*WHAT YOU HAVE TO DO:* The number of lines holding "every" is all you should give; count them in the records below.
====== DATASET EXCERPTS
(* Fix $n\in\mathbb{Z}_+$ and $a_1,\ldots,a_{n+1}\in(0,\infty)$. Then there is a constant $c>0$ (depending on $a_1,\ldots,a_{n+1}$) and an unbounded open set $B$ of positive real numbers with the following property: for each $\beta\in B$ there are $p_1,\ldots,p_n\in\mathbb{Z}$ such that, for each $j\in\{1,\ldots,n\}$, \[0<p_j\frac{a_j}{a_{n+1}}-\beta<\begin{cases}c\beta^{-2}&\text{if }n=1,\\ c\beta^{-1/(n-1)}&\text{if }n\geq2.\end{cases}\] *)

From HB Require Import structures.
From mathcomp Require Import all_boot all_order all_algebra.
From mathcomp Require Import boolp classical_sets reals topology normedtype exp.
Set Implicit Arguments. Unset Strict Implicit. Unset Printing Implicit Defensive.
Import Order.TTheory GRing.Theory Num.Theory.
Local Open Scope ring_scope.

Definition lemma5p5_bound (R : realType) (n : nat) (c b : R) : R :=
  if n == 1%N then c * b ^- 2
  else c * (b `^ (- (1 / (n.-1)%:R))).

From HB Require Import structures.
From mathcomp Require Import all_boot all_order all_algebra.
From mathcomp Require Import boolp classical_sets reals topology normedtype exp.
From mathcomp Require Import mathcomp_extra zify ring lra.
Import Order.TTheory GRing.Theory Num.Theory numFieldNormedType.Exports.
Set Implicit Arguments. Unset Strict Implicit. Unset Printing Implicit Defensive.

Local Open Scope classical_set_scope.
Local Open Scope ring_scope.

(* Write r_j for a_j / a_(n+1) and f for the bound.  If some b0 > 0 admits
   integers p_j with 0 <= p_j r_j - b0 < f b0, then, f being decreasing, every b
   slightly below b0 satisfies the strict inequalities with the same p_j; so the
   interior of the set of good b works, provided such b0 exist beyond every bound.
   For n = 1 take b0 = k r_1.  For n >= 2, either some q r_1 lies on every lattice
   r_j Z and its multiples are exact, or Dirichlet's simultaneous approximation of
   the r_1 / r_j (j >= 2) gives 0 < q <= N^(n-1) with |q r_1 - p_j r_j| < max r / N.
   Each q up to a fixed Q keeps q r_1 away from some lattice, so q is large for
   large N, and b0 = q r_1 - max r / N has error < 2 max r / N <= c b0^(-1/(n-1)). *)

Section Dirichlet.
Variable R : realType.
Implicit Types x r : R.

Definition frac x : R := x - (Num.floor x)%:~R.

Lemma frac_ge0 x : 0 <= frac x.
Proof. by rewrite subr_ge0 floor_le. Qed.

Lemma frac_lt1 x : frac x < 1.
Proof. by rewrite ltrBlDl -intrD1 floorD1_gt. Qed.

Lemma min_frac_le_dist_int x (t : int) :
  Num.min (frac x) (1 - frac x) <= `|x - t%:~R|.
Proof.
have := floor_le x; have := floorD1_gt x; rewrite intrD1 /frac => x_lt x_ge.
case: (lerP t (Num.floor x)) => [t_le | lt_t].
  rewrite -(ler_int R) in t_le.
  by rewrite ger0_norm ?ge_min; [apply/orP; left | ]; lra.
rewrite -lezD1 -(ler_int R) intrD1 in lt_t.
by rewrite ler0_norm ?ge_min; [apply/orP; right | ]; lra.
Qed.

Lemma dist_lattice_gt0 x r : 0 < r -> (forall t : int, t%:~R * r != x) ->
  exists2 d : R, 0 < d & forall t : int, d <= `|x - t%:~R * r|.
Proof.
move=> r_gt0 x_notin; set y := x / r.
have frac_neq0 : frac y != 0.
  apply: contraNneq (x_notin (Num.floor y)) => /eqP; rewrite subr_eq0 => /eqP <-.
  by rewrite /y mulfVK // gt_eqF.
have frac_gt0 : 0 < frac y by rewrite lt_neqAle eq_sym frac_neq0 frac_ge0.
exists (r * Num.min (frac y) (1 - frac y)).
  by rewrite mulr_gt0 // lt_min frac_gt0 subr_gt0 frac_lt1.
move=> t; have -> : x - t%:~R * r = r * (y - t%:~R) by rewrite /y; field; rewrite gt_eqF.
by rewrite normrM gtr0_norm // ler_pM2l // min_frac_le_dist_int.
Qed.

Definition box (N : nat) x : 'I_N.+1 := inord (Num.truncn (N.+1%:R * frac x)).

Lemma box_frac_close (N : nat) x y :
  box N x = box N y -> `|frac x - frac y| < N.+1%:R^-1.
Proof.
have N_gt0 : 0 < N.+1%:R :> R by rewrite ltr0n.
have box_val z : (box N z : nat) = Num.truncn (N.+1%:R * frac z).
  rewrite inordK // truncn_lt_nat ?mulr_ge0 ?frac_ge0 //.
  by rewrite -[ltRHS]mulr1 ltr_pM2l ?frac_lt1.
have trunc_itv z : let u := N.+1%:R * frac z in
    (Num.truncn u)%:R <= u < (Num.truncn u).+1%:R.
  by apply: truncn_itv; rewrite mulr_ge0 ?frac_ge0 // ltW.
move=> /(congr1 val); rewrite /= !box_val => eq_trunc.
move: (trunc_itv x) (trunc_itv y) => /=; rewrite eq_trunc => /andP[? ?] /andP[? ?].
rewrite -(ltr_pM2l N_gt0) mulfV ?gt_eqF // -{1}(gtr0_norm N_gt0) -normrM mulrBr.
by rewrite ltr_norml; apply/andP; split; lra.
Qed.

Theorem dirichlet_simultaneous (m N : nat) (theta : 'I_m -> R) :
  exists2 q : nat, (0 < q <= N.+1 ^ m)%N &
    exists s : 'I_m -> int, forall j, `|q%:R * theta j - (s j)%:~R| < N.+1%:R^-1.
Proof.
pose boxes (k : 'I_(N.+1 ^ m).+1) : {ffun 'I_m -> 'I_N.+1} :=
  [ffun j => box N (k%:R * theta j)].
have /injectivePn[k1 [k2 k12 same_boxes]] : ~~ injectiveb boxes.
  by apply/injectiveP => /leq_card; rewrite card_ffun !card_ord ltnn.
wlog lt_k12 : k1 k2 k12 same_boxes / (k1 < k2)%N.
  move=> hw; case: (ltngtP k1 k2) => [|lt_k21|/val_inj eq_k12]; first exact: hw.
  - by apply: (hw k2 k1) => //; rewrite eq_sym.
  - by rewrite eq_k12 eqxx in k12.
exists (k2 - k1)%N; first by have := ltn_ord k2; lia.
exists (fun j => Num.floor (k2%:R * theta j) - Num.floor (k1%:R * theta j)) => j.
have /box_frac_close : box N (k1%:R * theta j) = box N (k2%:R * theta j).
  by have := congr1 (fun b : {ffun _ -> _} => b j) same_boxes; rewrite !ffunE.
by rewrite distrC /frac natrB ?(ltnW lt_k12) // intrB mulrBl; congr (`|_| < _); ring.
Qed.

End Dirichlet.

Section LatticePoints.
Variables (R : realType) (n : nat) (r : 'I_n -> R).
Hypothesis r_gt0 : forall j, 0 < r j.

Lemma open_unbounded_of_large_approximants (f : R -> R) :
  (forall b b' : R, 0 < b -> b <= b' -> f b' <= f b) ->
  (forall M : R, exists2 b0 : R, M < b0 &
     exists p : 'I_n -> int, forall j, 0 <= (p j)%:~R * r j - b0 < f b0) ->
  exists B : set R, open B /\ B `<=` [set x | 0 < x] /\
    (forall M : R, exists2 b, B b & M < b) /\
    forall b, B b -> exists p : 'I_n -> int, forall j, 0 < (p j)%:~R * r j - b < f b.
Proof.
move=> f_anti large.
pose A : set R := [set b | 0 < b /\
  exists p : 'I_n -> int, forall j, 0 < (p j)%:~R * r j - b < f b].
exists A°; split; first exact: open_interior.
split; first by move=> b /interior_subset[].
split; last by move=> b /interior_subset[].
move=> M; have [b0 M_lt_b0 [p p_b0]] := large (Num.max M 0).
pose lo := \big[Num.max/Num.max M 0]_j ((p j)%:~R * r j - f b0).
have lo_lt_b0 : lo < b0.
  by apply: bigmax_lt => // j _; have /andP[? ?] := p_b0 j; lra.
have M_le_lo : Num.max M 0 <= lo by rewrite /lo bigmax_idl le_max lexx.
have itv_sub : [set` `]lo, b0[] `<=` A.
  move=> b /=; rewrite in_itv /= => /andP[lo_lt_b b_lt_b0].
  have b_gt0 : 0 < b by move: M_le_lo; rewrite ge_max => /andP[]; lra.
  split=> //; exists p => j.
  have pj_le : (p j)%:~R * r j - f b0 <= lo.
    exact: (le_bigmax _ (fun j => (p j)%:~R * r j - f b0)).
  have f_le := f_anti b b0 b_gt0 (ltW b_lt_b0).
  by have /andP[? ?] := p_b0 j; apply/andP; split; lra.
have [lo_lt_mid mid_lt_b0] := midf_lt lo_lt_b0.
exists ((lo + b0) / 2).
  apply: filterS itv_sub _; apply: open_nbhs_nbhs; split; first exact: interval_open.
  by rewrite /= in_itv /= lo_lt_mid.
by move: M_le_lo; rewrite ge_max => /andP[]; lra.
Qed.

Lemma large_exact_approximants (f : R -> R) (b1 : R) (s : 'I_n -> int) :
  (forall b : R, 0 < b -> 0 < f b) -> 0 < b1 -> (forall j, (s j)%:~R * r j = b1) ->
  forall M : R, exists2 b0 : R, M < b0 &
    exists p : 'I_n -> int, forall j, 0 <= (p j)%:~R * r j - b0 < f b0.
Proof.
move=> f_gt0 b1_gt0 s_r M; pose k := (Num.truncn (Num.max M 0 / b1)).+1.
have M_lt : Num.max M 0 < k%:R * b1 by rewrite -ltr_pdivrMr // truncnS_gt.
have kb1_gt0 : 0 < k%:R * b1 by move: M_lt; rewrite gt_max => /andP[].
exists (k%:R * b1); first by move: M_lt; rewrite gt_max => /andP[].
exists (fun j => k%:Z * s j) => j.
by rewrite intrM -mulrA s_r -pmulrn subrr lexx f_gt0.
Qed.

Lemma off_lattice_of_not_common (x : R) :
  ~ (exists s : 'I_n -> int, forall j, (s j)%:~R * r j = x) ->
  exists j, forall t : int, t%:~R * r j != x.
Proof.
apply: contra_notP => on_all.
apply: (@fin_all_exists _ _ (fun j (t : int) => t%:~R * r j = x)) => j.
apply: contra_notP on_all => off_j; exists j => t; apply/eqP => eq_t.
by apply: off_j; exists t.
Qed.

Lemma uniform_lattice_separation (x : nat -> R) :
  (forall q, (0 < q)%N -> exists j, forall t : int, t%:~R * r j != x q) ->
  forall Q, exists2 d : R, 0 < d & forall q, (0 < q <= Q)%N ->
    exists j, forall t : int, d <= `|x q - t%:~R * r j|.
Proof.
move=> off_lattice; elim=> [|Q [d d_gt0 sep_le_Q]]; first by exists 1 => // -[].
have [j j_off] := off_lattice Q.+1 isT.
have [d' d'_gt0 sep_Q1] := dist_lattice_gt0 (r_gt0 j) j_off.
exists (Num.min d d'); first by rewrite lt_min d_gt0 d'_gt0.
move=> q /andP[q_gt0]; rewrite leq_eqVlt ltnS => /orP[/eqP-> | q_le].
  by exists j => t; rewrite ge_min sep_Q1 orbT.
have [j' sep_j'] := sep_le_Q q (introT andP (conj q_gt0 q_le)).
by exists j' => t; rewrite ge_min sep_j'.
Qed.

End LatticePoints.

Lemma inv_le_powR_ratio (R : realType) (k : nat) (N x y : R) :
  0 < N -> 0 < x -> 0 < y -> x <= N ^+ k.+1 * y ->
  N^-1 <= y `^ (1 / k.+1%:R) * x `^ (- (1 / k.+1%:R)).
Proof.
move=> N_gt0 x_gt0 y_gt0 x_le; set e := 1 / k.+1%:R.
have e_ge0 : 0 <= e by rewrite divr_ge0.
have root_N : (N ^+ k.+1) `^ e = N.
  by rewrite -powR_mulrn ?ltW // -powRrM /e div1r mulfV ?pnatr_eq0 // powRr1 // ltW.
have x_root_le : x `^ e <= N * y `^ e.
  rewrite -root_N -powRM ?exprn_ge0 ?(ltW N_gt0) ?(ltW y_gt0) //.
  apply: ge0_ler_powR => //; rewrite nnegrE ?(ltW x_gt0) //.
  by rewrite mulr_ge0 ?exprn_ge0 ?(ltW N_gt0) ?(ltW y_gt0).
by rewrite powRN ler_pdivlMr ?powR_gt0 // mulrC ler_pdivrMr // mulrC.
Qed.

Section DirichletCase.
Variables (R : realType) (m : nat) (r : 'I_m.+2 -> R).
Hypothesis r_gt0 : forall j, 0 < r j.

Lemma simultaneous_lattice_approx (N : nat) :
  exists2 q : nat, (0 < q <= N.+1 ^ m.+1)%N &
    exists p : 'I_m.+2 -> int,
      forall j, `|q%:R * r ord0 - (p j)%:~R * r j| < r j / N.+1%:R.
Proof.
have [q q_range [s s_close]] :=
  dirichlet_simultaneous N (fun k => r ord0 / r (lift ord0 k)).
exists q => //; exists (fun j => if unlift ord0 j is Some k then s k else q%:Z).
move=> j; case: unliftP => [k ->|->]; last first.
  by rewrite -pmulrn subrr normr0 divr_gt0 ?ltr0n.
have -> : q%:R * r ord0 - (s k)%:~R * r (lift ord0 k) =
    r (lift ord0 k) * (q%:R * (r ord0 / r (lift ord0 k)) - (s k)%:~R).
  by field; rewrite gt_eqF.
by rewrite normrM gtr0_norm // ltr_pM2l.
Qed.

Let rmax := \big[Num.max/0]_j r j.

Lemma large_dirichlet_approximants :
  (forall q, (0 < q)%N -> exists j, forall t : int, t%:~R * r j != q%:R * r ord0) ->
  forall M : R, exists2 b0 : R, M < b0 &
    exists p : 'I_m.+2 -> int, forall j, 0 <= (p j)%:~R * r j - b0 <
      2 * rmax * r ord0 `^ (1 / m.+1%:R) * b0 `^ (- (1 / m.+1%:R)).
Proof.
move=> off_lattice M.
have r_le j : r j <= rmax := le_bigmax 0 r j.
have rmax_gt0 : 0 < rmax := lt_le_trans (r_gt0 ord0) (r_le ord0).
pose M' := Num.max M 0; pose Q := Num.truncn ((M' + rmax) / r ord0).
have [d d_gt0 sep] := uniform_lattice_separation r_gt0 off_lattice Q.
pose N := Num.truncn (rmax / d).
have [q /andP[q_gt0 q_le] [p close]] := simultaneous_lattice_approx N.
have N1_gt0 : 0 < N.+1%:R :> R by rewrite ltr0n.
set eps := rmax / N.+1%:R.
have eps_gt0 : 0 < eps by rewrite divr_gt0.
have eps_lt_d : eps < d.
  by rewrite ltr_pdivrMr // mulrC -ltr_pdivrMr // truncnS_gt.
have eps_le_rmax : eps <= rmax.
  by rewrite ler_pdivrMr // ler_peMr ?ler1n // ltW.
have close_eps j : `|q%:R * r ord0 - (p j)%:~R * r j| < eps.
  by apply: lt_le_trans (close j) _; rewrite ler_pM2r ?invr_gt0.
have Q_lt_q : (Q < q)%N.
  rewrite ltnNge; apply/negP => q_le_Q.
  have [j sep_j] := sep q (introT andP (conj q_gt0 q_le_Q)).
  by have := lt_trans (le_lt_trans (sep_j (p j)) (close_eps j)) eps_lt_d; rewrite ltxx.
have M'_lt_qr : M' + rmax < q%:R * r ord0.
  by rewrite -ltr_pdivrMr // (lt_le_trans (truncnS_gt _)) // ler_nat.
have M_le_M' : M <= M' by rewrite le_max lexx.
have M'_ge0 : 0 <= M' by rewrite le_max lexx orbT.
set b0 := q%:R * r ord0 - eps.
have b0_gt0 : 0 < b0 by rewrite /b0; lra.
have b0_le : b0 <= N.+1%:R ^+ m.+1 * r ord0.
  apply: le_trans (_ : _ <= q%:R * r ord0) _; first by rewrite /b0; lra.
  by rewrite ler_pM2r // -natrX ler_nat.
exists b0; first by rewrite /b0; lra.
exists p => j; have := close_eps j; rewrite ltr_norml => /andP[? ?].
have two_eps : 2 * eps <= 2 * rmax * r ord0 `^ (1 / m.+1%:R) * b0 `^ (- (1 / m.+1%:R)).
  rewrite /eps -!mulrA !ler_pM2l //.
  exact: inv_le_powR_ratio.
by apply/andP; split; rewrite /b0; lra.
Qed.

End DirichletCase.

Lemma lemma5p5_bound_gt0 (R : realType) (n : nat) (c b : R) :
  0 < c -> 0 < b -> 0 < lemma5p5_bound n c b.
Proof.
move=> c_gt0 b_gt0; rewrite /lemma5p5_bound; case: ifP => _.
  by rewrite mulr_gt0 ?invr_gt0 ?exprn_gt0.
by rewrite mulr_gt0 ?powR_gt0.
Qed.

Lemma lemma5p5_bound_antitone (R : realType) (n : nat) (c b b' : R) :
  0 < c -> 0 < b -> b <= b' -> lemma5p5_bound n c b' <= lemma5p5_bound n c b.
Proof.
move=> c_gt0 b_gt0 le_bb'; have b'_gt0 := lt_le_trans b_gt0 le_bb'.
rewrite /lemma5p5_bound; case: ifP => _; rewrite ler_pM2l //.
  by rewrite lef_pV2 ?posrE ?exprn_gt0 // ler_pXn2r // nnegrE ltW.
rewrite !powRN lef_pV2 ?posrE ?powR_gt0 //.
by apply: ge0_ler_powR; rewrite ?nnegrE ?divr_ge0 // ltW.
Qed.

Lemma lemma5p5_large_approximants (R : realType) (n : nat) (r : 'I_n -> R) :
  (0 < n)%N -> (forall j, 0 < r j) ->
  exists2 c : R, 0 < c & forall M : R, exists2 b0 : R, M < b0 &
    exists p : 'I_n -> int, forall j, 0 <= (p j)%:~R * r j - b0 < lemma5p5_bound n c b0.
Proof.
case: n r => [//|[|m]] r _ r_gt0.
  exists 1 => //; apply: (large_exact_approximants (b1 := r ord0) (s := fun=> 1)).
  - by move=> b; exact: lemma5p5_bound_gt0.
  - exact: r_gt0.
  - by move=> j; rewrite (ord1 j) mul1r.
pose c := 2 * \big[Num.max/0]_j r j * r ord0 `^ (1 / m.+1%:R).
have c_gt0 : 0 < c.
  by rewrite !mulr_gt0 ?powR_gt0 // (lt_le_trans (r_gt0 ord0)) // le_bigmax.
exists c => //.
have [[q q_gt0 [s s_r]] | inexact] := pselect (exists2 q : nat, (0 < q)%N &
  exists s : 'I_m.+2 -> int, forall j, (s j)%:~R * r j = q%:R * r ord0).
  apply: (large_exact_approximants _ _ s_r) => [b|]; first exact: lemma5p5_bound_gt0.
  by rewrite mulr_gt0 ?ltr0n.
move=> M; apply: (large_dirichlet_approximants r_gt0 _ M) => q q_gt0.
by apply: off_lattice_of_not_common => common; apply: inexact; exists q.
Qed.

Theorem lemma5p5 (R : realType) (n : nat) (hn : (0 < n)%N)
  (a : 'I_n.+1 -> R) (ha : forall i, 0 < a i) :
  exists c : R, 0 < c /\
  exists B : set R,
    open B /\ B `<=` [set x | 0 < x] /\
    (forall M : R, exists2 b, B b & M < b) /\
    forall b, B b ->
      exists p : 'I_n -> int, forall j : 'I_n,
        0 < (p j)%:~R * (a (widen_ord (leqnSn n) j) / a ord_max) - b
          < lemma5p5_bound n c b.
Proof.
pose r j := a (widen_ord (leqnSn n) j) / a ord_max.
have r_gt0 j : 0 < r j by rewrite divr_gt0.
have [c c_gt0 large] := lemma5p5_large_approximants hn r_gt0.
exists c; split=> //.
apply: (open_unbounded_of_large_approximants _ large) => b b' b_gt0.
exact: lemma5p5_bound_antitone.
Qed.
============
*TASK RESULT:* 3